■ **Exercise brief**
Range to reproduce from the entries below: the line with "have Da : D", the line with "move=> k /andP", and every line in between. Give them exactly and give nothing else.

Saved entries
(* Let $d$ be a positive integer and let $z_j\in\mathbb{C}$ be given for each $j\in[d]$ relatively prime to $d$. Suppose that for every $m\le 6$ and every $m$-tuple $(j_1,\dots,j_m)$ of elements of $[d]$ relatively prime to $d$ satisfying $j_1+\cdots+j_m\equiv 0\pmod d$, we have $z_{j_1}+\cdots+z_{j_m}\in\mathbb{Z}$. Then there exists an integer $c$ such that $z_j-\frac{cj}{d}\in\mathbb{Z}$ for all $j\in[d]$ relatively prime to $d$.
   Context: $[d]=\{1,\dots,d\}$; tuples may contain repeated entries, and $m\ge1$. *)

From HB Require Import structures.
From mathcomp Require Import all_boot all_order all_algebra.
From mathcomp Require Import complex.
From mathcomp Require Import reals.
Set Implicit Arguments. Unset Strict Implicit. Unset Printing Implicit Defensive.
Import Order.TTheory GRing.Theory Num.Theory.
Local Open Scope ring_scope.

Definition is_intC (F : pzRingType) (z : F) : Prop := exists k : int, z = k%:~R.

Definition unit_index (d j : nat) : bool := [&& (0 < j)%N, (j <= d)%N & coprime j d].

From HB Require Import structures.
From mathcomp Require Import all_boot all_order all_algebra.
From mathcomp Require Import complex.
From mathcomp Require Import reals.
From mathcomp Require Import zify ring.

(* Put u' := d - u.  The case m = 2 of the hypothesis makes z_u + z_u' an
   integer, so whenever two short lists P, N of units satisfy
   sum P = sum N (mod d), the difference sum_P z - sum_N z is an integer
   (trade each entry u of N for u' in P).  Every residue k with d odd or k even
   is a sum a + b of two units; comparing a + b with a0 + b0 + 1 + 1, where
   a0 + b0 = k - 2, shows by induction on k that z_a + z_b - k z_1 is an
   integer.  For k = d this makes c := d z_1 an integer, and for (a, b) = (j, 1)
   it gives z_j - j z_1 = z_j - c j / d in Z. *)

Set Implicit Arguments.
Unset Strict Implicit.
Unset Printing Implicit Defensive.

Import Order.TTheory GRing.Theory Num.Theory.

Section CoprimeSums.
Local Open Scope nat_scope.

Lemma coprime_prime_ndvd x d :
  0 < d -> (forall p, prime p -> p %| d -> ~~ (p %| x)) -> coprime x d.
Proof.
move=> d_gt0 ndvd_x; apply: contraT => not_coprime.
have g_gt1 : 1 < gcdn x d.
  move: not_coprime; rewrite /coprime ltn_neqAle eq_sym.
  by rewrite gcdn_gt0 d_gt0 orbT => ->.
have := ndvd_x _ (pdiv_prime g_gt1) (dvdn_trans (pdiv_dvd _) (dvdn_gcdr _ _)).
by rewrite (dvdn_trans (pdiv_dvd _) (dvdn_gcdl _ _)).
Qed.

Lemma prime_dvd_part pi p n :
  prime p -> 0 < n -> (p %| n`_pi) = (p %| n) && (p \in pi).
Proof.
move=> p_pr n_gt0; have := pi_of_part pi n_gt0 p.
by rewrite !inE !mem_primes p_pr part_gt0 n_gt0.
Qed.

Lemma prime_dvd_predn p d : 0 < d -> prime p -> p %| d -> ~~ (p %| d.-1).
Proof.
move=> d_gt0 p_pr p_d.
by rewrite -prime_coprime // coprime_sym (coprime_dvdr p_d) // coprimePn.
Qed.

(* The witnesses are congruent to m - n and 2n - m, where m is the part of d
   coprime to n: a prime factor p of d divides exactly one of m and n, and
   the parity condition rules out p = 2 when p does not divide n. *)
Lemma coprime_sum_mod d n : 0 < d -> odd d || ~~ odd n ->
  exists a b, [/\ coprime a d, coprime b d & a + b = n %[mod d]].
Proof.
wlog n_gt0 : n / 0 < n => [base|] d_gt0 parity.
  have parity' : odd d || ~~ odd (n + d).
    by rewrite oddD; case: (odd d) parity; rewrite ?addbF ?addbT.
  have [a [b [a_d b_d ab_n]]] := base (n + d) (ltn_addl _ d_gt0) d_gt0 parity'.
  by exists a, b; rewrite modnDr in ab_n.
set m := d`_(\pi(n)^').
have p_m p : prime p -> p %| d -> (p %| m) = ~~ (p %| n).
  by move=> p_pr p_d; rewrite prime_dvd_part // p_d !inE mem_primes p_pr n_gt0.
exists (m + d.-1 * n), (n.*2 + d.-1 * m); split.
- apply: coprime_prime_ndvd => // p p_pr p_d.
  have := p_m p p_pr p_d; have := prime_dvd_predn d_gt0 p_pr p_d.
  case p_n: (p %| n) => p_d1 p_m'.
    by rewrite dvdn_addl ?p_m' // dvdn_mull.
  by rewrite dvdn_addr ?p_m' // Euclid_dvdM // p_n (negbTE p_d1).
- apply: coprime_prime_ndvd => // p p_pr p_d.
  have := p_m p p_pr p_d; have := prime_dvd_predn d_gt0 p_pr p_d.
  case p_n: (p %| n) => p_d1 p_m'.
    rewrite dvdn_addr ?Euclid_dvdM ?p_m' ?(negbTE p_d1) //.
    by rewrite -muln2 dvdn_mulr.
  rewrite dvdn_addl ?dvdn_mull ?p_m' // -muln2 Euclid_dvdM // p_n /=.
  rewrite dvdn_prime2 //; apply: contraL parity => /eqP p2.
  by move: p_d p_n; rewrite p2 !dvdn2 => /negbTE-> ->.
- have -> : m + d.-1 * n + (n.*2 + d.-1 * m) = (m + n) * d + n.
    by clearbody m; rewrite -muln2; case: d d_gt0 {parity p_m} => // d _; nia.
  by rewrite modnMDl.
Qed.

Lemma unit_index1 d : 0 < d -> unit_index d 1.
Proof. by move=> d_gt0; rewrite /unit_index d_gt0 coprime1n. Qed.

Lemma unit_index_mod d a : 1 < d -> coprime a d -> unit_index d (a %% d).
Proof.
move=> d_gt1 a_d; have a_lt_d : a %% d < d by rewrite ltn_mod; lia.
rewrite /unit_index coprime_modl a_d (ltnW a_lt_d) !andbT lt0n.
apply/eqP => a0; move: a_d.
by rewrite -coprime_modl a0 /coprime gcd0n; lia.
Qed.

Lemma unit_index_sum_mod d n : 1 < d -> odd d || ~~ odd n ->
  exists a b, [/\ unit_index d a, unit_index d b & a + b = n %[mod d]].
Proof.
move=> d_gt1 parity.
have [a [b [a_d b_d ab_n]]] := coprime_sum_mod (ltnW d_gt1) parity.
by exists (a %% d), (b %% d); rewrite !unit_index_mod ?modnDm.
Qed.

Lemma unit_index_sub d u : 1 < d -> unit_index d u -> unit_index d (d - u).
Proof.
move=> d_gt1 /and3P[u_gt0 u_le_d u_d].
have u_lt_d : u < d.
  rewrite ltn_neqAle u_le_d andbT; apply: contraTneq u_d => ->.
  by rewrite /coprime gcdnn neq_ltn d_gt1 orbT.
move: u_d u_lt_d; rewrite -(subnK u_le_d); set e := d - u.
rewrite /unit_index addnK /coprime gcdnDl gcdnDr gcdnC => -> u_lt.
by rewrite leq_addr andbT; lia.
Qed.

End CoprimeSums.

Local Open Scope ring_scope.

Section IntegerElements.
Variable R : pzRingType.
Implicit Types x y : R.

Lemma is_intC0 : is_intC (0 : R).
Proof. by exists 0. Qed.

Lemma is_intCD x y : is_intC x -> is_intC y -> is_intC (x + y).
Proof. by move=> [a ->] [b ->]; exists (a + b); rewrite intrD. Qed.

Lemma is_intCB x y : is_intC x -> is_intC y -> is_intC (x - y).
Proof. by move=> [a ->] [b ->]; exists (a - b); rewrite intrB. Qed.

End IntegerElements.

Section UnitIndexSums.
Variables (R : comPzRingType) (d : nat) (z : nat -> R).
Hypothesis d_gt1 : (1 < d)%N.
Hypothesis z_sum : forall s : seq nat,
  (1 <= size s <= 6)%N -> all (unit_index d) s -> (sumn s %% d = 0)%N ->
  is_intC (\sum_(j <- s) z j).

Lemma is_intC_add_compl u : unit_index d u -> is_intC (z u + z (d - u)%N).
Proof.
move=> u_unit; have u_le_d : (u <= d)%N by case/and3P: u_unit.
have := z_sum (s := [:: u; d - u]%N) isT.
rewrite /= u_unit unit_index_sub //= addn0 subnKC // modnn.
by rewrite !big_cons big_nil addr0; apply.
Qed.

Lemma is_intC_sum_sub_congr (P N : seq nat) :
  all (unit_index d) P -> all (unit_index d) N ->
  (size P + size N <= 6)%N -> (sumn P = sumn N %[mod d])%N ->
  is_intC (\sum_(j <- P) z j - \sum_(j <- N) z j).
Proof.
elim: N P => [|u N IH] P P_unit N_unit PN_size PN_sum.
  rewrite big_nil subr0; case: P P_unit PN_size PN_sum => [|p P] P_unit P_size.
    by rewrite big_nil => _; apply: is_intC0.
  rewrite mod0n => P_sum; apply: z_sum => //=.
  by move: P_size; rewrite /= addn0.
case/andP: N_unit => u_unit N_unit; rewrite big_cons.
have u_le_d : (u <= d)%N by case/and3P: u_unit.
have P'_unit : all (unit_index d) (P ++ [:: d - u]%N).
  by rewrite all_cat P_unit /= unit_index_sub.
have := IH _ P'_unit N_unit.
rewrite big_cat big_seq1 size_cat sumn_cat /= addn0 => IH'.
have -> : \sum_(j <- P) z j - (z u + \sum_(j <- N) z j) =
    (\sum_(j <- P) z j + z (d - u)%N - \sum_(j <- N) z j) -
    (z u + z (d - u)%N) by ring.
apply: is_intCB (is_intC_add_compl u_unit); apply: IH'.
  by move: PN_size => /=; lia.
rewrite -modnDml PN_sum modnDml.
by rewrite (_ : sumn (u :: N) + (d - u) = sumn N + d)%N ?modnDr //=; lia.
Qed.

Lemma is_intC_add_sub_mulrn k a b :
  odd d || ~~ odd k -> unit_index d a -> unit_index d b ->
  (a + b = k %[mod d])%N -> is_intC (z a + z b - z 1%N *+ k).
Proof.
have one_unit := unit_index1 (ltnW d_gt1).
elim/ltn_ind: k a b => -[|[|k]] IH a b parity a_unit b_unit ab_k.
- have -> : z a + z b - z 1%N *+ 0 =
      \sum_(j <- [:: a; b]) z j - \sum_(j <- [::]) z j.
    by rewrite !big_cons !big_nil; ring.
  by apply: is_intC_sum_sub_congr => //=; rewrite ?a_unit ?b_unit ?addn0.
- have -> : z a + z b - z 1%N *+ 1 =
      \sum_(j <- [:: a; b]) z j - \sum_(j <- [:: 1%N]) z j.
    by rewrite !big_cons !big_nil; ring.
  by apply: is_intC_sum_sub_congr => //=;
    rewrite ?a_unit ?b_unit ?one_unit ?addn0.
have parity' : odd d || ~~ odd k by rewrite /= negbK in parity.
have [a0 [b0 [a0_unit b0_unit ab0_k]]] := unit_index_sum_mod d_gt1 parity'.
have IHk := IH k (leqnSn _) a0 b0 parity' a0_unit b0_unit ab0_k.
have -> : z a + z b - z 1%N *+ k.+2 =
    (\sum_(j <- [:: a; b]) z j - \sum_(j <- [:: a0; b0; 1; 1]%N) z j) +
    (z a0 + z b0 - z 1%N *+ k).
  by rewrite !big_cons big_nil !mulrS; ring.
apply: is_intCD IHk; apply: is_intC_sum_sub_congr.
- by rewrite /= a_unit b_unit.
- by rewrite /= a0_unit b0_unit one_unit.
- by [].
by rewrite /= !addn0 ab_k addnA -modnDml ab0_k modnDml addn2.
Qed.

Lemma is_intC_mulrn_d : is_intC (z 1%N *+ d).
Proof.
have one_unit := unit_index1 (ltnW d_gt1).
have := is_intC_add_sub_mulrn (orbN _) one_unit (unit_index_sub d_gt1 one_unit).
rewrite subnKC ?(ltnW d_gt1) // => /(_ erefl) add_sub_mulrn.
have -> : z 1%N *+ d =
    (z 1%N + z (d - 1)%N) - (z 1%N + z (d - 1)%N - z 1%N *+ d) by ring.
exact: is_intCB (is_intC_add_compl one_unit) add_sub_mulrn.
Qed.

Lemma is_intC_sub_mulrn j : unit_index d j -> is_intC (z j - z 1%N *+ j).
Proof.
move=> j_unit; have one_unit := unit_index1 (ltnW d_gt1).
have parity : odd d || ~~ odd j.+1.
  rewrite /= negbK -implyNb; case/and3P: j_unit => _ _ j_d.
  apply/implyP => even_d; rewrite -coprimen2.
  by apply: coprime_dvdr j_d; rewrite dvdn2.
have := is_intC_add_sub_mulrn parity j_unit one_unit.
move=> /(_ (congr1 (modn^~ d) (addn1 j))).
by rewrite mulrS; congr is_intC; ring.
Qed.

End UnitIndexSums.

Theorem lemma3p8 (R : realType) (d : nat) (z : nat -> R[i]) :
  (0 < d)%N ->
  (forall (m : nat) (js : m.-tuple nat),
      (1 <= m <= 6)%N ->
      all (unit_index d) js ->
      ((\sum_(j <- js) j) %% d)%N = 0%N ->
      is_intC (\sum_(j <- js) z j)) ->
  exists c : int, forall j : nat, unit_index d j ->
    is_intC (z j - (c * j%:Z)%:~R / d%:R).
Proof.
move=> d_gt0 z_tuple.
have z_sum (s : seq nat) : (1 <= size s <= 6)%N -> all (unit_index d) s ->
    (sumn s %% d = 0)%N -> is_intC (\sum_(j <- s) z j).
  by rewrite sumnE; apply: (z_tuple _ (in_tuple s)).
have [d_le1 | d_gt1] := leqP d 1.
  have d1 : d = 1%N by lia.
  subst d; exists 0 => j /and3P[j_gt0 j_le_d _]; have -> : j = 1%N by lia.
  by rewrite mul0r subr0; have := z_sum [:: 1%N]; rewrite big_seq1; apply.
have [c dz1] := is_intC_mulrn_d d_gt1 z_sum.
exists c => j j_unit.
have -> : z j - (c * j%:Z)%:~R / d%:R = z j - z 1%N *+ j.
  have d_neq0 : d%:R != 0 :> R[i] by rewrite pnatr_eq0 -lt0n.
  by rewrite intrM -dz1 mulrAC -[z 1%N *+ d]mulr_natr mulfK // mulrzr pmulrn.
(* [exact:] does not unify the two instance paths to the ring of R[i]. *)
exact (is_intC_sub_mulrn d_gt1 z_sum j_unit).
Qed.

...

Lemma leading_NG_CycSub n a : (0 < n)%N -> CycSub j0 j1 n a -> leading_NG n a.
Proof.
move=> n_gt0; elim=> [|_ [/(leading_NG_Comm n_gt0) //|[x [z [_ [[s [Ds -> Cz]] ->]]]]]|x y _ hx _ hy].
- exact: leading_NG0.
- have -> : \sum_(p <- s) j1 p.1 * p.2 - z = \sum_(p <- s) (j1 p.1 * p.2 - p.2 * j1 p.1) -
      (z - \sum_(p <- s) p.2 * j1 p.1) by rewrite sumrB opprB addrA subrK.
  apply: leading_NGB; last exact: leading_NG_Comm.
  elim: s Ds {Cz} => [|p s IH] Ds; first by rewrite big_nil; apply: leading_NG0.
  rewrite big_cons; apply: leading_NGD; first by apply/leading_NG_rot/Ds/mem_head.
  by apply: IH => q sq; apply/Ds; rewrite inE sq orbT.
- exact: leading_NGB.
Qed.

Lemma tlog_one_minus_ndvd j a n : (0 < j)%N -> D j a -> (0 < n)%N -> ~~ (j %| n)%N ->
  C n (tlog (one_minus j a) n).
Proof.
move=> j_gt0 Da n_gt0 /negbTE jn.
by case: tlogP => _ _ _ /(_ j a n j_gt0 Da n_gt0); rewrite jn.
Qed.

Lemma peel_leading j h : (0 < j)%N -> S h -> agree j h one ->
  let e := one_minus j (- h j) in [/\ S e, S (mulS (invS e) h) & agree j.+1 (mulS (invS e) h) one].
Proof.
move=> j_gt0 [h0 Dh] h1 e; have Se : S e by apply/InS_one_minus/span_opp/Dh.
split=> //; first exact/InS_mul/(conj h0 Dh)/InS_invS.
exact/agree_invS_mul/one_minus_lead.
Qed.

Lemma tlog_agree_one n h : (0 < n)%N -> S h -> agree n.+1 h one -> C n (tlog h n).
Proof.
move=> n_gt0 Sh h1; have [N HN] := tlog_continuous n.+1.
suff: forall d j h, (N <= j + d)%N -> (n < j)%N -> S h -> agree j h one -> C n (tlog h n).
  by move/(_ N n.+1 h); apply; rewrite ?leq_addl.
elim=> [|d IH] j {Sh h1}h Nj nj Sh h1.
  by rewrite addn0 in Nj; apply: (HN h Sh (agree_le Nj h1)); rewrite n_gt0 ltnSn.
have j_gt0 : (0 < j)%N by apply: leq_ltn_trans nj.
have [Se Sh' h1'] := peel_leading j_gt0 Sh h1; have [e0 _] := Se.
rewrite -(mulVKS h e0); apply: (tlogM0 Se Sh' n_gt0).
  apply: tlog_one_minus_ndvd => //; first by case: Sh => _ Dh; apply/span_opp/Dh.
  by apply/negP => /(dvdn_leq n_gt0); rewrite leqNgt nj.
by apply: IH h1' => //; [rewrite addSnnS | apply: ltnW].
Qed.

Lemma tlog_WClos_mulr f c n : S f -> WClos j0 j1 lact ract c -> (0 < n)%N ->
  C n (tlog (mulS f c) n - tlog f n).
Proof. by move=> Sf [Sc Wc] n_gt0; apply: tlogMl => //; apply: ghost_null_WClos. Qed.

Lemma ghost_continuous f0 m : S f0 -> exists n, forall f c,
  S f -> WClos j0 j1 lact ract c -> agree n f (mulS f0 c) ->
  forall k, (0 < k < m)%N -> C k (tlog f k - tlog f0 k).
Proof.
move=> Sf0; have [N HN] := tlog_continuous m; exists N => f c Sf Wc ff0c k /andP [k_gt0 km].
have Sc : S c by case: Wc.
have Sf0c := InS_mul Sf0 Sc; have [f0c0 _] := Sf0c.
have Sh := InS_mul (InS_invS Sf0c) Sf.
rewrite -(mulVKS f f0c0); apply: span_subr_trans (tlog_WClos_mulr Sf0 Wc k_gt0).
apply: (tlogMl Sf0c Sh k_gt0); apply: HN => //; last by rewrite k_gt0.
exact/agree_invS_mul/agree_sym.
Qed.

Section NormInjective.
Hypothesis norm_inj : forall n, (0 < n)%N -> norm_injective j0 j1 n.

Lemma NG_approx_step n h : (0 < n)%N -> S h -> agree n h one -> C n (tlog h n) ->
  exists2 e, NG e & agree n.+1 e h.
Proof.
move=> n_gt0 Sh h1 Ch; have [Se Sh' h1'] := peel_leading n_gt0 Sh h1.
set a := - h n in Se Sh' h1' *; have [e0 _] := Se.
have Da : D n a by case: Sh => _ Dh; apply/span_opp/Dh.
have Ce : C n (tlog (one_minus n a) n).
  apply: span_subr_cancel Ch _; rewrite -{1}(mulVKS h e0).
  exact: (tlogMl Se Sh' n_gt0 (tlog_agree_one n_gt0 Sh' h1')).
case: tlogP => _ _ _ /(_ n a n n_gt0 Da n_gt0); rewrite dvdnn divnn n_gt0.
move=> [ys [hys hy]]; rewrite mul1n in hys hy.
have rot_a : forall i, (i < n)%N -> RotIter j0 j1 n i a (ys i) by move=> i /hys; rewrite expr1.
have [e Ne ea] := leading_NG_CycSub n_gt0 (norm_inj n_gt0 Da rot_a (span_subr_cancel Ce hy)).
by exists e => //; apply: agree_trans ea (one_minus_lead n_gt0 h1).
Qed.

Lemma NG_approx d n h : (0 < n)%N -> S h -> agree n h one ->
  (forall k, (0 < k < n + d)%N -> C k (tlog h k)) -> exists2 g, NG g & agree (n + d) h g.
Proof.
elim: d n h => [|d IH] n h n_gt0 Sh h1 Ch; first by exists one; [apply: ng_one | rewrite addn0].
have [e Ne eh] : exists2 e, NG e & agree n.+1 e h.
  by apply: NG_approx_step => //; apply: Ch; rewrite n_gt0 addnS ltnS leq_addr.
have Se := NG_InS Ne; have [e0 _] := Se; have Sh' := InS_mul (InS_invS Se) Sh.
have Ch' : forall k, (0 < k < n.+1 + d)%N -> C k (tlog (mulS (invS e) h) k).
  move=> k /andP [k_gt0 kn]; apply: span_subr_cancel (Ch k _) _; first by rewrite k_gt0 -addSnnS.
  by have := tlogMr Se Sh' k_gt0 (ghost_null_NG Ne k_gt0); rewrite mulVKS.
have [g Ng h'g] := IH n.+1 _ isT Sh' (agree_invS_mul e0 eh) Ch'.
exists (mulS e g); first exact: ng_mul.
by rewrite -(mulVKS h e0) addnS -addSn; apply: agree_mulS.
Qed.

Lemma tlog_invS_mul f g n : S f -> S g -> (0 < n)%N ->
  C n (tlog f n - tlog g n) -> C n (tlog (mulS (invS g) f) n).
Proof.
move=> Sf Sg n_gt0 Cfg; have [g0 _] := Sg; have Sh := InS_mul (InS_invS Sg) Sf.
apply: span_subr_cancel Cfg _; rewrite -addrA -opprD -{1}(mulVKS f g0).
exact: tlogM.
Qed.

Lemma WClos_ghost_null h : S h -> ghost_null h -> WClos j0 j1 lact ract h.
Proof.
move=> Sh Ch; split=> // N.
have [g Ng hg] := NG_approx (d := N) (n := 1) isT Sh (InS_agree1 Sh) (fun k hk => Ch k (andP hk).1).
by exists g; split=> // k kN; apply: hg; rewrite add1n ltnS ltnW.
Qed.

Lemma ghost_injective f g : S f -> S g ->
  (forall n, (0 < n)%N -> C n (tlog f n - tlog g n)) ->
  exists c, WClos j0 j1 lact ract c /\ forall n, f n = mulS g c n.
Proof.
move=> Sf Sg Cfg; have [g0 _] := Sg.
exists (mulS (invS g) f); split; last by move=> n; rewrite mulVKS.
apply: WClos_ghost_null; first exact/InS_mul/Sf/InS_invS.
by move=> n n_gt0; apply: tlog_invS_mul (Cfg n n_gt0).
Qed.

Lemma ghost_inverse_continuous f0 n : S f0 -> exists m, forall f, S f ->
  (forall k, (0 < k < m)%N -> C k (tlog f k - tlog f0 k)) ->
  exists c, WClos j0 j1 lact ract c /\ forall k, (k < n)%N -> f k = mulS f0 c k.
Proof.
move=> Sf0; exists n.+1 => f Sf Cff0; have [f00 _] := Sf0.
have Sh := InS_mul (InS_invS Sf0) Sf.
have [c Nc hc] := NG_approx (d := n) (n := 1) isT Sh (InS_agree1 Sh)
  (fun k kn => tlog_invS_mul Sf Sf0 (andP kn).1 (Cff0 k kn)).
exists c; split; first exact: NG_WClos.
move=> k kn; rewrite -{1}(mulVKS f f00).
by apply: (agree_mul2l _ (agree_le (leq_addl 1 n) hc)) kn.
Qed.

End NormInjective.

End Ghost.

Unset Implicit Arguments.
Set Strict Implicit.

■ **Task answer**
have Da : D n a by case: Sh => _ Dh; apply/span_opp/Dh.
have Ce : C n (tlog (one_minus n a) n).
  apply: span_subr_cancel Ch _; rewrite -{1}(mulVKS h e0).
  exact: (tlogMl Se Sh' n_gt0 (tlog_agree_one n_gt0 Sh' h1')).
case: tlogP => _ _ _ /(_ n a n n_gt0 Da n_gt0); rewrite dvdnn divnn n_gt0.
move=> [ys [hys hy]]; rewrite mul1n in hys hy.
have rot_a : forall i, (i < n)%N -> RotIter j0 j1 n i a (ys i) by move=> i /hys; rewrite expr1.
have [e Ne ea] := leading_NG_CycSub n_gt0 (norm_inj n_gt0 Da rot_a (span_subr_cancel Ce hy)).
by exists e => //; apply: agree_trans ea (one_minus_lead n_gt0 h1).
Qed.

Lemma NG_approx d n h : (0 < n)%N -> S h -> agree n h one ->
  (forall k, (0 < k < n + d)%N -> C k (tlog h k)) -> exists2 g, NG g & agree (n + d) h g.
Proof.
elim: d n h => [|d IH] n h n_gt0 Sh h1 Ch; first by exists one; [apply: ng_one | rewrite addn0].
have [e Ne eh] : exists2 e, NG e & agree n.+1 e h.
  by apply: NG_approx_step => //; apply: Ch; rewrite n_gt0 addnS ltnS leq_addr.
have Se := NG_InS Ne; have [e0 _] := Se; have Sh' := InS_mul (InS_invS Se) Sh.
have Ch' : forall k, (0 < k < n.+1 + d)%N -> C k (tlog (mulS (invS e) h) k).
  move=> k /andP [k_gt0 kn]; apply: span_subr_cancel (Ch k _) _; first by rewrite k_gt0 -addSnnS.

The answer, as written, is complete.